• Exercise goal
How many of the lines below hold the string "such"? Say only the number.

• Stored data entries

(* X and Y differ only in that X can perform lambda_U to D || G_v.  Y answers
   with tau to D, silently spawns G_u U_{i_m} ... U_{i_2} and performs lambda_U,
   reaching D || G_v U_{i_1} ... U_{i_m} for a solution i_1 ... i_m of INST; this
   G_v-thread is balanced: its U-part spells the same word over u and over v.
   From then on both sides are a control constant (D, C, I, S or C') in parallel
   with a multiset of threads, and the bisimulation relates such configurations
   phase by phase, ignoring threads that the control constant can spawn silently
   and that can vanish silently.  In phase D the two multisets differ only in
   their balanced G_v-threads, equally many on each side.  After lambda_D a
   balanced G_v-thread behaves like a G_v-thread that C spawns itself, because its
   letters are v of its indices; its lambda_V is answered by such a thread, which
   leaves two Z-threads with the same letters and the same indices.  In phase I
   the control constant performs every index action itself, so paired threads
   only need to spell the same letters; phase S is symmetric, with indices. *)

From mathcomp Require Import all_boot.
From Stdlib Require Import Relations Permutation.

Set Implicit Arguments.
Unset Strict Implicit.
Unset Printing Implicit Defensive.

Section ListFacts.
Variable T : Type.

Lemma Forall_mid (Pp : T -> Prop) s1 x s2 :
  List.Forall Pp (s1 ++ x :: s2) -> Pp x /\ List.Forall Pp (s1 ++ s2).
Proof.
by move/List.Forall_app => [H1 /List.Forall_cons_iff [H2 H3]]; split=> //; exact/List.Forall_app.
Qed.

Lemma in_cat_split (t : T) s1 s2 : List.In t (s1 ++ s2) ->
  (exists a b, s1 = a ++ t :: b) \/ (exists a b, s2 = a ++ t :: b).
Proof. by case/List.in_app_iff => H; [left|right]; exact: List.in_split. Qed.

Lemma in_cat3_split (t : T) s1 s2 s3 : List.In t (s1 ++ s2 ++ s3) ->
  (exists a b, s1 = a ++ t :: b) \/ (exists a b, s2 = a ++ t :: b) \/
  (exists a b, s3 = a ++ t :: b).
Proof.
by case/List.in_app_iff => [H|/List.in_app_iff [H|H]];
  [left|right; left|right; right]; exact: List.in_split.
Qed.

Lemma Permutation_mid_In s1 (t : T) s2 s : Permutation (s1 ++ t :: s2) s -> List.In t s.
Proof. by move=> H; exact: Permutation_in H (List.in_elt t s1 s2). Qed.

Lemma Permutation_replace s1 s2 s1' s2' (t t' : T) :
  Permutation (s1 ++ t :: s2) (s1' ++ t :: s2') ->
  Permutation (s1 ++ t' :: s2) (s1' ++ t' :: s2').
Proof. by move=> H; apply: Permutation_elt; exact: Permutation_app_inv H. Qed.

Lemma Forall2_mid_inv (R : T -> T -> Prop) s1 x s2 s' :
  List.Forall2 R (s1 ++ x :: s2) s' -> exists s1' y s2', s' = s1' ++ y :: s2' /\
    List.Forall2 R s1 s1' /\ R x y /\ List.Forall2 R s2 s2'.
Proof.
case/List.Forall2_app_inv_l => s1' [s'' [H1 [H2 ->]]].
by inversion H2 as [|? y ? s2' ? ?]; subst; exists s1', y, s2'.
Qed.

Lemma Forall2_mid (R : T -> T -> Prop) s1 s1' x y s2 s2' :
  List.Forall2 R s1 s1' -> R x y -> List.Forall2 R s2 s2' ->
  List.Forall2 R (s1 ++ x :: s2) (s1' ++ y :: s2').
Proof. by move=> H1 H2 H3; apply: List.Forall2_app => //; constructor. Qed.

• Expected answer
2